I hate bursting other people’s balloons – but when it saves someone £4,000 I can live with it.

The balloon in question was an ‘offer of a lifetime’ double-page spread advertising deal in a celebrity magazine that one of my clients had signed up for after being contacted directly by the advertising team from the publishing house for a stable of such magazines.

On the face of it, it did seem a good deal and the client was chuffed with the promise of being in a magazine read by fans of this celebrity, who were also the client’s target market. And, as a bonus, there would also be a link on the homepage of the celeb’s website to an online version of the magazine.

The first I knew about the deal being done was when the client asked me to liaise with the publisher, write the article and provide photography from our library of images.

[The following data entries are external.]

Lemma exists_complement_hyperplane : exists W : set M,
  [/\ avoiding_subspace W, W 0 & forall v, exists c : F, W (v - c *: w)].
Proof.
have [W [[WD WZ Ww] Wmax]] : exists W, avoiding_subspace W /\
    forall X, W `<` X -> ~ avoiding_subspace X.
  apply: Zorn_bigcup => C CP Ctot; split.
  - move=> x y [X CX Xx] [Y CY Yy].
    have [XY|YX] := Ctot _ _ CX CY.
    + by exists Y => //; case: (CP _ CY) => D _ _; apply: D => //; exact: XY.
    + by exists X => //; case: (CP _ CX) => D _ _; apply: D => //; exact: YX.
  - by move=> c x [X CX Xx]; exists X => //; case: (CP _ CX) => _ Z _; exact: Z.
  - by move=> [X CX Xw]; case: (CP _ CX) => _ _; apply.
have W0 : W 0.
  apply: contrapT => nW0; apply: (Wmax (W `|` [set 0])).
    by split=> [x Wx|/(_ 0) h]; [left|apply: nW0; apply: h; right].
  split.
  - move=> x y [Wx|->] [Wy|->]; rewrite ?addr0 ?add0r; by [left; apply: WD|left|left|right].
  - by move=> c x [Wx|->]; [left; apply: WZ|right; rewrite scaler0].
  - by move=> [//|/eqP]; rewrite (negbTE w_neq0).
exists W; split=> // v; apply: contrapT => nex.
have nWv : ~ W v by move=> Wv; apply: nex; exists 0; rewrite scale0r subr0.
apply: (Wmax [set u + c *: v | u in W & c in setT]).
  split=> [x Wx|/(_ v) h]; first by exists x => //; exists 0 => //; rewrite scale0r addr0.
  by apply: nWv; apply: h; exists 0 => //; exists 1 => //; rewrite scale1r add0r.
split.
- move=> _ _ [x Wx [c _ <-]] [y Wy [d _ <-]]; exists (x + y); first exact: WD.
  by exists (c + d) => //; rewrite scalerDl addrACA.
- move=> k _ [x Wx [c _ <-]]; exists (k *: x); first exact: WZ.
  by exists (k * c) => //; rewrite scalerDr scalerA.
- move=> [u Wu [c _ e]]; have [c0|cn0] := eqVneq c 0.
    by apply: Ww; rewrite -e c0 scale0r addr0.
  apply: nex; exists c^-1.
  have -> : v = c^-1 *: (w - u) by rewrite -e addrAC subrr add0r scalerA mulVf // scale1r.
  by rewrite scalerBr addrAC subrr add0r -scaleNr; apply: WZ.
Qed.
Definition column_gain (Ps Ph eps : R) (my : nat) (z : R) : R :=
  eps * (Ps * (z ^ 2 + Ps ^ 2) / (4 * PI))
    * (eps * sum_f_R0 (fun k => inv_dist5 (z ^ 2 + Ps ^ 2) ((INR k - INR my) * eps - Ph)) (2 * my)).

Definition array_gain (Ps Ph Om eps : R) (my mz : nat) : R :=
  sum_f_R0 (fun l => column_gain Ps Ph eps my ((INR l - INR mz) * eps - Om)) (2 * mz).

Lemma column_gain_error Ps Ph eps my z K : 0 < Ps -> 0 < eps -> 0 < K ->
  K <= INR my * eps - Ph -> K <= INR my * eps + Ph ->
  Rabs (column_gain Ps Ph eps my z - eps * (Ps / (3 * PI)) * lorentzian Ps z)
  <= eps * (eps / (4 * PI) * lorentzian Ps z + Ps / (3 * PI) * lorentzian K z).
Proof.
  intros HPs Heps HK H1 H2.
  pose proof PI_RGT_0 as HPI.
  unfold column_gain, lorentzian.
  set (a2 := z ^ 2 + Ps ^ 2) in *.
  assert (Ha2 : 0 < a2) by (unfold a2; nra).
  assert (Hsa : Ps <= sqrt a2)
    by (rewrite <- (sqrt_pow2 Ps) by lra; apply sqrt_le_1_alt; unfold a2; nra).
  assert (Hsa2 : sqrt a2 * sqrt a2 = a2) by (apply sqrt_sqrt; lra).
  pose proof (inv_dist5_sum a2 eps my Ph K Ha2 Heps (Rlt_le _ _ HK) H1 H2) as Hsum.
  rewrite inv_dist5_center in Hsum.
  set (T := eps * sum_f_R0 _ (2 * my)) in *.
  set (c := Ps * a2 / (4 * PI)).
  assert (Hc : 0 < c) by (unfold c; apply Rdiv_lt_0_compat; nra).
  replace (eps * c * T - eps * (Ps / (3 * PI)) * / a2) with (eps * (c * (T - 4 / (3 * a2 ^ 2))))
    by (unfold c; field; split; lra).
  assert (center_term : c * (eps * / sqrt a2 ^ 5) <= eps / (4 * PI) * / a2).
  { replace (c * (eps * / sqrt a2 ^ 5)) with (eps / (4 * PI) * / a2 * (Ps / sqrt a2))
      by (unfold c; replace (sqrt a2 ^ 5) with (a2 ^ 2 * sqrt a2)
            by (replace (a2 ^ 2) with ((sqrt a2 * sqrt a2) ^ 2) by (rewrite Hsa2; ring); ring); field; split; nra).
    assert (Ps / sqrt a2 <= 1)
      by (apply (Rmult_le_reg_r (sqrt a2)); [nra|]; unfold Rdiv;
          rewrite Rmult_assoc, Rinv_l by nra; lra).
    assert (0 <= eps / (4 * PI) * / a2)
      by (apply Rmult_le_pos; [apply Rdiv_le_0_compat | left; apply Rinv_0_lt_compat]; lra).
    nra. }
  assert (tail_term : c * (4 / (3 * a2 * (a2 + K ^ 2))) <= Ps / (3 * PI) * / (z ^ 2 + K ^ 2)).
  { replace (c * (4 / (3 * a2 * (a2 + K ^ 2)))) with (Ps / (3 * PI) * / (a2 + K ^ 2))
      by (unfold c; field; repeat split; nra).
    apply Rmult_le_compat_l; [apply Rdiv_le_0_compat; lra|].
    apply Rinv_le_contravar; [nra | unfold a2; nra]. }
  rewrite Rabs_mult, Rabs_mult, (Rabs_right eps), (Rabs_right c) by lra.
  apply Rmult_le_compat_l; [lra|].
  apply (Rmult_le_compat_l c) in Hsum; lra.
Qed.

Lemma array_gain_error Ps Ph Om eps my mz K : 0 < Ps -> 0 < eps -> 0 < K ->
  K <= INR my * eps - Ph -> K <= INR my * eps + Ph ->
  K <= INR mz * eps - Om -> K <= INR mz * eps + Om ->
  Rabs (array_gain Ps Ph Om eps my mz - 1 / 3)
  <= eps / (4 * PI) * (PI / Ps + eps / Ps ^ 2) + Ps / (3 * PI) * (PI / K + eps / K ^ 2)
     + Ps / (3 * PI) * (eps / Ps ^ 2 + 2 / K).
Proof.
  intros HPs Heps HK Hy1 Hy2 Hz1 Hz2.
  pose proof PI_RGT_0 as HPI.
  set (z l := (INR l - INR mz) * eps - Om).
  set (lsum b := eps * sum_f_R0 (fun l => lorentzian b (z l)) (2 * mz)).
  assert (columns : Rabs (array_gain Ps Ph Om eps my mz - Ps / (3 * PI) * lsum Ps)
            <= eps / (4 * PI) * lsum Ps + Ps / (3 * PI) * lsum K).
  { assert (Emain : Ps / (3 * PI) * lsum Ps
            = sum_f_R0 (fun l => eps * (Ps / (3 * PI)) * lorentzian Ps (z l)) (2 * mz))
      by (unfold lsum; rewrite !scal_sum; apply sum_eq; intros; ring).
    assert (Eerr : eps / (4 * PI) * lsum Ps + Ps / (3 * PI) * lsum K
            = sum_f_R0 (fun l => eps * (eps / (4 * PI) * lorentzian Ps (z l)
                                        + Ps / (3 * PI) * lorentzian K (z l))) (2 * mz))
      by (unfold lsum; rewrite !scal_sum, <- plus_sum; apply sum_eq; intros; ring).
    unfold array_gain; rewrite Emain, Eerr, <- minus_sum.
    eapply Rle_trans; [apply Rsum_abs|].
    apply sum_Rle; intros l _.
    apply (column_gain_error _ _ _ _ _ K HPs Heps HK Hy1 Hy2). }
  assert (lsum_Ps : lsum Ps <= PI / Ps + eps / Ps ^ 2)
    by exact (lorentzian_sum_le Ps eps mz Om HPs Heps).
  assert (lsum_K : lsum K <= PI / K + eps / K ^ 2)
    by exact (lorentzian_sum_le K eps mz Om HK Heps).
  assert (Hmain : Rabs (lsum Ps - PI / Ps) <= eps / Ps ^ 2 + 2 / K)
    by exact (lorentzian_sum Ps eps mz Om K HPs Heps HK Hz1 Hz2).
  replace (array_gain Ps Ph Om eps my mz - 1 / 3) with
    ((array_gain Ps Ph Om eps my mz - Ps / (3 * PI) * lsum Ps)
     + Ps / (3 * PI) * (lsum Ps - PI / Ps)) by (field; lra).
  eapply Rle_trans; [apply Rabs_triang|].
  rewrite Rabs_mult, (Rabs_right (Ps / (3 * PI))) by (apply Rle_ge, Rdiv_le_0_compat; lra).
  assert (0 <= eps / (4 * PI)) by (apply Rdiv_le_0_compat; lra).
  assert (0 <= Ps / (3 * PI)) by (apply Rdiv_le_0_compat; lra).
  apply (Rmult_le_compat_l (Ps / (3 * PI))) in Hmain; [|lra].
  assert (eps / (4 * PI) * lsum Ps <= eps / (4 * PI) * (PI / Ps + eps / Ps ^ 2))
    by (apply Rmult_le_compat_l; lra).
  assert (Ps / (3 * PI) * lsum K <= Ps / (3 * PI) * (PI / K + eps / K ^ 2))
    by (apply Rmult_le_compat_l; lra).
  lra.
Qed.
Theorem lemma3p8 (n k : nat) (m : nat -> nat) :
  (1 <= k)%N ->
  (forall i, (1 <= i <= k)%N -> (2 <= m i)%N) ->
  forall w : word, in_G n k w -> in_G1 m k w ->
  exists (gamma : word) (z : nat -> int),
    gen m (S1 m k) gamma /\
    Geq m (gmul gamma w) (enormal m k z).
Proof.
move=> _ m_gt1 w _ /(in_G1_egens m_gt1)[l rl el].
have [gamma [u [S1gamma _ egamma]]] := egens_eprod m_gt1 rl.
exists gamma, (fun j => Posz (u j)); split => //.
have -> : enormal m k (fun j => Posz (u j)) = eprod_desc 1 k u.
  by rewrite /enormal /eprod_desc subSS subn0.
by rewrite /gmul el.
Qed.
(* Making the points of S loops: circuits C(K \ S) together with {s}, s in S.
   A set T is dependent iff it contains such a circuit, i.e. iff T meets S or
   T minus S is dependent in K (circuits of the restriction K \ S are the
   circuits of K avoiding S). *)
Definition make_loops (K : matroid9) (S : {set 'I_9}) : matroid9 :=
  fun T => (T :&: S != set0) || K (T :\: S).

Section Realizations.
Variable R : realType.
Local Notation C := R[i].

(* gamma in (C^3)^9 is a 9x3 matrix whose s-th row is gamma_s. *)
Definition rows_of (g : 'M[C]_(9,3)) (T : {set 'I_9}) : seq 'rV[C]_3 :=
  [seq row s g | s <- enum T].

Definition lin_dep (g : 'M[C]_(9,3)) (T : {set 'I_9}) : bool :=
  ~~ free (rows_of g T).

Definition realization (K : matroid9) (g : 'M[C]_(9,3)) : Prop :=
  forall T : {set 'I_9}, lin_dep g T = K T.

Definition coords (g : 'M[C]_(9,3)) : 'I_(9 * 3) -> C := fun k => mxvec g 0 k.

(* V_K: Zariski closure in C^{27} of the set of realizations of K. *)
Definition V_K (K : matroid9) (g : 'M[C]_(9,3)) : Prop :=
  forall p : {mpoly C[9 * 3]},
    (forall h, realization K h -> p.@[coords h] = 0) -> p.@[coords g] = 0.

Definition V_CK (K : matroid9) (g : 'M[C]_(9,3)) : Prop :=
  forall T : {set 'I_9}, K T -> lin_dep g T.

End Realizations.

From HB Require Import structures.
From mathcomp Require Import all_boot all_order all_algebra.
From mathcomp Require Import reals complex.
From mathcomp Require Import mpoly.
From mathcomp Require Import ring.
Set Implicit Arguments. Unset Strict Implicit. Unset Printing Implicit Defensive.
Import Order.TTheory GRing.Theory Num.Theory.
Local Open Scope ring_scope.

(* The inclusion from right to left is formal: the dependencies of F_ij
   (loops, the lines through k) are polynomial conditions, and F'_ij has even
   more loops.  Conversely, let g be in V_C(F_ij); its rows at i and j vanish.
   Relabelling the points, the lines of F_ij are the three lines through k.
   If the row of k vanishes, the segment from g to a realization of F'_ij stays
   in V_C(F'_ij).  Otherwise the two remaining points of each line through k
   lie in a plane spanned by the row of k and a vector w_l, and one deforms
   this basis together with the coordinates in it to those of a realization
   of F_ij.  In both cases g is the value at 0 of a polynomial curve that stays
   in V_C and is a realization at 1, hence at all but finitely many points
   (where some 3 x 3 minor vanishes); so g lies in the Zariski closure. *)

Section Rows3.
Variable F : fieldType.
Implicit Types (A : 'M[F]_3) (u x y : 'rV[F]_3).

Before I could start work on the article I needed more information about the audience I was writing for, so I requested a full media pack that profiled the readership. I also requested details of how and where the magazine was being distributed.

I waited and waited.

When I finally got a response, the answers were so woolly it was untrue. It turns out that the publisher was only going to print 30,000 copies and hand-deliver them to affluent homes. When challenged on this, the publisher had no data to support this claim.anonymous icon

To make matters worse, I called a couple of companies who had advertised in the previous edition to gather their thoughts and their responses merely confirmed my suspicions.

The call to the client outlining the reasons why I thought the advertising deal wasn’t anything approaching value for money wasn’t a great one. It was made harder with the reminder that I’m always available to discuss the merits of advertising offers before the client signs on the dotted line.

Nobody likes a smart arse, but I’m happy to be one when acting in the best interests of clients.

Any guesses who the celebrity is? Even though I couldn’t possibly say!